Hearing aid headbands were our life saver. I found Charlotte through Instagram, and immediately ordered one to try. It arrived within a week, and for the first time, Alfie was able to wear both hearing aids at once for a good few hours. We were absolutely overwhelmed with relief. I soon ordered a few more designs to match different outfits and soon enough, the hearing aids were staying in all day. every day. He’d had his snazzy new green aids delivered too, so this kid looked SUPER cool.

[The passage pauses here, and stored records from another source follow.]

(* Let $G$ be an msp-digraph. Then $\chi'_o(G)\le 7$.
   Context: An oriented $r$-arc-coloring of a digraph $G=(V,E)$ is a map $c:E\to\{1,\dots,r\}$ such that (i) $c((u,v))\ne c((v,w))$ for every two arcs $(u,v),(v,w)\in E$, and (ii) $c((u,v))\ne c((y,z))$ for all arcs $(u,v),(v,w),(x,y),(y,z)\in E$ with $c((v,w))=c((x,y))$. The oriented chromatic index $\chi'_o(G)$ is the smallest $r$ for which such a coloring exists. Minimal vertex series-parallel digraphs (msp-digraphs) are defined recursively: (i) a single vertex with no arcs is an msp-digraph; (ii) if $G_1=(V_1,E_1)$ and $G_2=(V_2,E_2)$ are vertex-disjoint msp-digraphs, $O_1$ is the set of vertices of outdegree $0$ in $G_1$ and $I_2$ the set of vertices of indegree $0$ in $G_2$, then the parallel composition $G_1\cup G_2=(V_1\cup V_2,E_1\cup E_2)$ and the series composition $G_1\times G_2=(V_1\cup V_2,E_1\cup E_2\cup(O_1\times I_2))$ are msp-digraphs. *)

From mathcomp Require Import all_boot.
Set Implicit Arguments. Unset Strict Implicit. Unset Printing Implicit Defensive.

Definition par_rel (V1 V2 : finType) (E1 : rel V1) (E2 : rel V2) : rel (V1 + V2) :=
  fun a b => match a, b with
             | inl x, inl y => E1 x y
             | inr x, inr y => E2 x y
             | _, _ => false
             end.

Definition ser_rel (V1 V2 : finType) (E1 : rel V1) (E2 : rel V2) : rel (V1 + V2) :=
  fun a b => match a, b with
             | inl x, inl y => E1 x y
             | inr x, inr y => E2 x y
             | inl x, inr y => [forall z, ~~ E1 x z] && [forall z, ~~ E2 z y]
             | inr _, inl _ => false
             end.

(* Minimal vertex series-parallel digraphs (up to isomorphism). *)
Inductive msp : forall (V : finType), rel V -> Prop :=
  | msp_single : msp (fun _ _ : unit => false)
  | msp_par (V1 V2 : finType) (E1 : rel V1) (E2 : rel V2) :
      msp E1 -> msp E2 -> msp (par_rel E1 E2)
  | msp_ser (V1 V2 : finType) (E1 : rel V1) (E2 : rel V2) :
      msp E1 -> msp E2 -> msp (ser_rel E1 E2)
  | msp_iso (V V' : finType) (E : rel V) (E' : rel V') (f : V -> V') :
      msp E -> bijective f -> (forall x y, E' (f x) (f y) = E x y) -> msp E'.

(* An oriented r-arc-coloring: colors 'I_r (i.e. {1,...,r} shifted to {0,...,r-1});
   c u v is the color of the arc (u,v) (values on non-arcs are irrelevant). *)
Definition oriented_arc_coloring (V : finType) (E : rel V) (r : nat)
    (c : V -> V -> 'I_r) : Prop :=
  (forall u v w, E u v -> E v w -> c u v <> c v w) /\
  (forall u v w x y z, E u v -> E v w -> E x y -> E y z ->
      c v w = c x y -> c u v <> c y z).

Definition has_oriented_arc_coloring (V : finType) (E : rel V) (r : nat) : Prop :=
  exists c : V -> V -> 'I_r, oriented_arc_coloring E c.

From mathcomp Require Import all_boot.
From mathcomp Require Import ssralg zmodp.
Set Implicit Arguments. Unset Strict Implicit. Unset Printing Implicit Defensive.
Import GRing.Theory.

(* Colours live in Z/7 and are compared through the Paley tournament T7,
   where a -> b iff b - a is a non-zero square {1,2,4}.  A colouring of the
   arcs such that consecutive arcs (u,v),(v,w) always get a T7-arc
   c(u,v) -> c(v,w) is an oriented colouring, because T7 is an oriented graph.

   Such colourings are built along the msp construction with the invariant
   "arcs entering a sink are coloured in {0,1,5} and arcs leaving a source
   in {1,2,4}".  Disjoint unions and isomorphic copies keep it.  For a series
   composition, recolour G1 by x |-> 4x and G2 by x |-> 4x+1 (automorphisms
   of T7) and give every new arc the colour 1: then {0,4,6} -> 1 -> {2,3,5}
   in T7 and the boundary profile is restored. *)

Local Open Scope ring_scope.

Definition QR : seq 'Z_7 := [:: 1; 2; 4].

Definition paley (a b : 'Z_7) : bool := b - a \in QR.

(* No square is the opposite of a square (-1 is not a square mod 7). *)
Lemma QR_oppr (x : 'Z_7) : x \in QR -> - x \notin QR.
Proof. by rewrite !inE => /or3P[]/eqP->. Qed.

Lemma QR_mull (a x : 'Z_7) : a \in QR -> (a * x \in QR) = (x \in QR).
Proof. by case: x => -[|[|[|[|[|[|[|]]]]]]] // ?; rewrite !inE => /or3P[]/eqP->. Qed.

Lemma paley_asym (a b : 'Z_7) : paley a b -> ~~ paley b a.
Proof. by move=> /QR_oppr; rewrite opprB. Qed.

Lemma paley_shift (k a b : 'Z_7) : paley (a + k) (b + k) = paley a b.
Proof. by rewrite /paley [a + k]addrC addrKA. Qed.

Lemma paley_scale (s a b : 'Z_7) : s \in QR -> paley (s * a) (s * b) = paley a b.
Proof. by move=> sQR; rewrite /paley -mulrBr QR_mull. Qed.

(* A homomorphism of the line digraph into an oriented graph on the colours
   is an oriented arc-colouring: (i) loops are impossible and (ii) a 2-cycle
   c(u,v) -> c(v,w) = c(x,y) -> c(y,z) = c(u,v) is impossible. *)
Lemma line_hom_oriented (V : finType) (E : rel V) (r : nat)
    (T : rel 'I_r) (c : V -> V -> 'I_r) :
  (forall a b, T a b -> ~~ T b a) ->
  (forall u v w, E u v -> E v w -> T (c u v) (c v w)) ->
  oriented_arc_coloring E c.
Proof.
move=> Tasym hom; split.
- move=> u v w Euv Evw same.
  by have := hom _ _ _ Euv Evw; rewrite same => /[dup] /Tasym /negP.
- move=> u v w x y z Euv Evw Exy Eyz same_vw_xy same_uv_yz.
  have := hom _ _ _ Exy Eyz; rewrite -same_vw_xy -same_uv_yz.
  by move/Tasym/negP; apply; apply: hom.
Qed.

Definition is_source (V : finType) (E : rel V) (v : V) := [forall z, ~~ E z v].
Definition is_sink (V : finType) (E : rel V) (v : V) := [forall z, ~~ E v z].

Lemma source_reflect (W V : finType) (E : rel W) (R : rel V) (f : W -> V) :
  (forall x y, R (f x) (f y) = E x y) ->
  forall x, is_source R (f x) -> is_source E x.
Proof. by move=> fE x /forallP src; apply/forallP => z; rewrite -fE. Qed.

Lemma sink_reflect (W V : finType) (E : rel W) (R : rel V) (f : W -> V) :
  (forall x y, R (f x) (f y) = E x y) ->
  forall x, is_sink R (f x) -> is_sink E x.
Proof. by move=> fE x /forallP snk; apply/forallP => z; rewrite -fE. Qed.

Lemma msp_source_sink (V : finType) (E : rel V) :
  msp E -> (exists s, is_source E s) /\ (exists t, is_sink E t).
Proof.
elim=> {V E}.
- by split; exists tt; apply/forallP.
- move=> V1 V2 E1 E2 _ [[s /forallP src] [t /forallP snk]] _ _.
  by split; [exists (inl s) | exists (inl t)]; apply/forallP => -[].
- move=> V1 V2 E1 E2 _ [[s /forallP src] _] _ [_ [t /forallP snk]].
  by split; [exists (inl s) | exists (inr t)]; apply/forallP => -[].
- move=> V V' E E' f _ [[s /forallP src] [t /forallP snk]] [g _ gK] fE.
  split; [exists (f s) | exists (f t)]; apply/forallP => z;
    by rewrite -(gK z) fE.
Qed.

Definition sink_colors : seq 'Z_7 := [:: 0; 1; 5].

Definition paley_coloring (V : finType) (E : rel V) (c : V -> V -> 'Z_7) :=
  [/\ forall u v w, E u v -> E v w -> paley (c u v) (c v w),
      forall u v, E u v -> is_sink E v -> c u v \in sink_colors &
      forall u v, E u v -> is_source E u -> c u v \in QR].

Lemma paley_coloring_par (V1 V2 : finType) (E1 : rel V1) (E2 : rel V2) c1 c2 :
  paley_coloring E1 c1 -> paley_coloring E2 c2 ->
  paley_coloring (par_rel E1 E2)
    (fun a b => match a, b with
                | inl x, inl y => c1 x y
                | inr x, inr y => c2 x y
                | _, _ => 0 end).
Proof.
move=> [hom1 snk1 src1] [hom2 snk2 src2]; split.
- by case=> u [] v [] w //=; [apply: hom1 | apply: hom2].
- case=> u [] v //= e snk; [apply: snk1 | apply: snk2] => //;
    by apply: sink_reflect snk.
- case=> u [] v //= e src; [apply: src1 | apply: src2] => //;
    by apply: source_reflect src.
Qed.

Lemma ser_not_sink_inl (V1 V2 : finType) (E1 : rel V1) (E2 : rel V2) (s : V2) x :
  is_source E2 s -> ~ is_sink (ser_rel E1 E2) (inl x).
Proof.
move=> src snk; move/forallP/(_ (inr s))/negP: (snk); apply => /=.
by apply/andP; split; [apply: sink_reflect snk | ].
Qed.

Lemma ser_not_source_inr (V1 V2 : finType) (E1 : rel V1) (E2 : rel V2) (t : V1) y :
  is_sink E1 t -> ~ is_source (ser_rel E1 E2) (inr y).
Proof.
move=> snk src; move/forallP/(_ (inl t))/negP: (src); apply => /=.
by apply/andP; split; [ | apply: source_reflect src].
Qed.

(* The colour 1 of the new arcs fits both boundary profiles and sits
   between the rescaled profiles: 4*{0,1,5} -> 1 -> 4*{1,2,4} + 1 in T7. *)
Lemma sink_colors_to_1 (x : 'Z_7) : x \in sink_colors -> paley (4 * x) 1.
Proof. by rewrite !inE => /or3P[]/eqP->. Qed.

Lemma one_to_QR (x : 'Z_7) : x \in QR -> paley 1 (4 * x + 1).
Proof. by rewrite !inE => /or3P[]/eqP->. Qed.

Lemma sink_colors_affine (x : 'Z_7) : x \in sink_colors -> 4 * x + 1 \in sink_colors.
Proof. by rewrite !inE => /or3P[]/eqP->. Qed.

Lemma paley_coloring_ser (V1 V2 : finType) (E1 : rel V1) (E2 : rel V2) c1 c2 s2 t1 :
  is_source E2 s2 -> is_sink E1 t1 ->
  paley_coloring E1 c1 -> paley_coloring E2 c2 ->
  paley_coloring (ser_rel E1 E2)
    (fun a b => match a, b with
                | inl x, inl y => 4 * c1 x y
                | inr x, inr y => 4 * c2 x y + 1
                | inl _, inr _ => 1
                | inr _, inl _ => 0 end).
Proof.
move=> src2 snk1 [hom1 snkc1 srcc1] [hom2 snkc2 srcc2]; split.
- case=> u [] v [] w //=.
  + by move=> e1 e2; rewrite paley_scale //; apply: hom1.
  + by move=> e /andP[snk _]; apply/sink_colors_to_1/snkc1.
  + by move=> /andP[_ src] e; apply/one_to_QR/srcc2.
  + by move=> e1 e2; rewrite paley_shift paley_scale //; apply: hom2.
- case=> u [] v //= e snk.
  + by case: (ser_not_sink_inl src2 snk).
  + apply/sink_colors_affine/snkc2 => //; exact: sink_reflect snk.
- case=> u [] v //= e src.
  + by rewrite QR_mull //; apply: srcc1 => //; apply: source_reflect src.
  + by case: (ser_not_source_inr snk1 src).
Qed.

Lemma paley_coloring_iso (V V' : finType) (E : rel V) (E' : rel V') (f : V -> V')
    (g : V' -> V) c :
  cancel g f -> (forall x y, E' (f x) (f y) = E x y) ->
  paley_coloring E c -> paley_coloring E' (fun a b => c (g a) (g b)).
Proof.
move=> gK fE [hom snkc srcc].
have E'E a b : E' a b = E (g a) (g b) by rewrite -fE !gK.
split=> [u v w | u v | u v]; rewrite !E'E; first exact: hom.
- move=> e snk; apply: snkc => //; apply: sink_reflect fE _ _; by rewrite gK.
- move=> e src; apply: srcc => //; apply: source_reflect fE _ _; by rewrite gK.
Qed.

Lemma msp_paley_coloring (V : finType) (E : rel V) :
  msp E -> exists c, paley_coloring E c.
Proof.
elim=> {V E}.
- by exists (fun _ _ => 0).
- move=> V1 V2 E1 E2 _ [c1 h1] _ [c2 h2].
  by eexists; apply: paley_coloring_par h1 h2.
- move=> V1 V2 E1 E2 m1 [c1 h1] m2 [c2 h2].
  have [_ [t1 snk1]] := msp_source_sink m1.
  have [[s2 src2] _] := msp_source_sink m2.
  by eexists; apply: paley_coloring_ser src2 snk1 h1 h2.
- move=> V V' E E' f _ [c h] [g _ gK] fE.
  by eexists; apply: paley_coloring_iso gK fE h.
Qed.

Local Close Scope ring_scope.

Theorem mainTheorem8 (V : finType) (E : rel V) :
  msp E -> exists r, r <= 7 /\ has_oriented_arc_coloring E r.
Proof.
move=> /msp_paley_coloring [c [hom _ _]].
exists 7; split=> //; exists c.
exact: line_hom_oriented (@paley_asym) hom.
Qed.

In between all this, we were having to travel to Salisbury every week or so to get new impressions made as his little ears were growing so fast, which was a pain, but totally worth it. We now go once every 6-8 weeks as although he’s still growing, it’s slowed down a little!
In October, we met with a consultant to see if he was a suitable candidate for cochlear implant surgery, and we decided then that we’d see how he gets on over the next year before making any decisions. Alfie seemed to be getting on really well with his hearing aids, developing all the right sounds indicating normal speech development and was, in general, an incredibly happy, chirpy boy.
In January this year, he had his first test since that first once to check his hearing hadn’t deteriorated. We were very surprised to learn it had. His initial 40-60 dB loss had plummeted down to 90-110 dB. We didn’t know why, we were hoping he was all congested after his period with croup, however a repeated test in April showed similar results. His hearing aids were now pretty much at full power, and he still wasn’t getting all the access he needs to be able to hear and develop speech
The test is done by keeping Alfie distracted and playing different frequencies at different volumes in each ear in turn. When he hears a noise, he looks up and is rewarded by seeing the cool flashy light! This teaches him that he is rewarded if he shows us he can hear the sounds, or in other words, positive reinforcement.
The last test was this month, and fortunately, Alfie has recovered 10-15 dB of his hearing. Prolonged congestion from the croup and some colds, combined with teething, certainly hadn’t worked in his favour, but now we could see a light at the end of the tunnel. It wasn’t by any means ‘better’, but it hadn’t got any worse.
We’ve ordered him some new hearing aids, which will allow us to make more adjustments to his needs, including increasing amplification in the future if he needs it. When they’re fitted in a few weeks time, he’ll have another test to make sure he gets on with them. They think that with the exact fine-tuning they can do, after a period of adjustment, Alfie will likely excel with speech development and continue to amaze us with his resilience.
At 14 months old, Alfie has known no different. Life to him, is hearing things through these clever little computers behind his ears. He (most of the time) leaves them alone and he knows what they’re for, will ask us to put them in for him, or take them out when he’s tired or ready for a nap.
These little pieces of technology have been around for only a few years, and thanks to them, our precious little boy can enjoy the world with us, enjoy music with us, play games with us and communicate with us. His hearing aids are part of him, and to be quite honest, he looks weird without them now!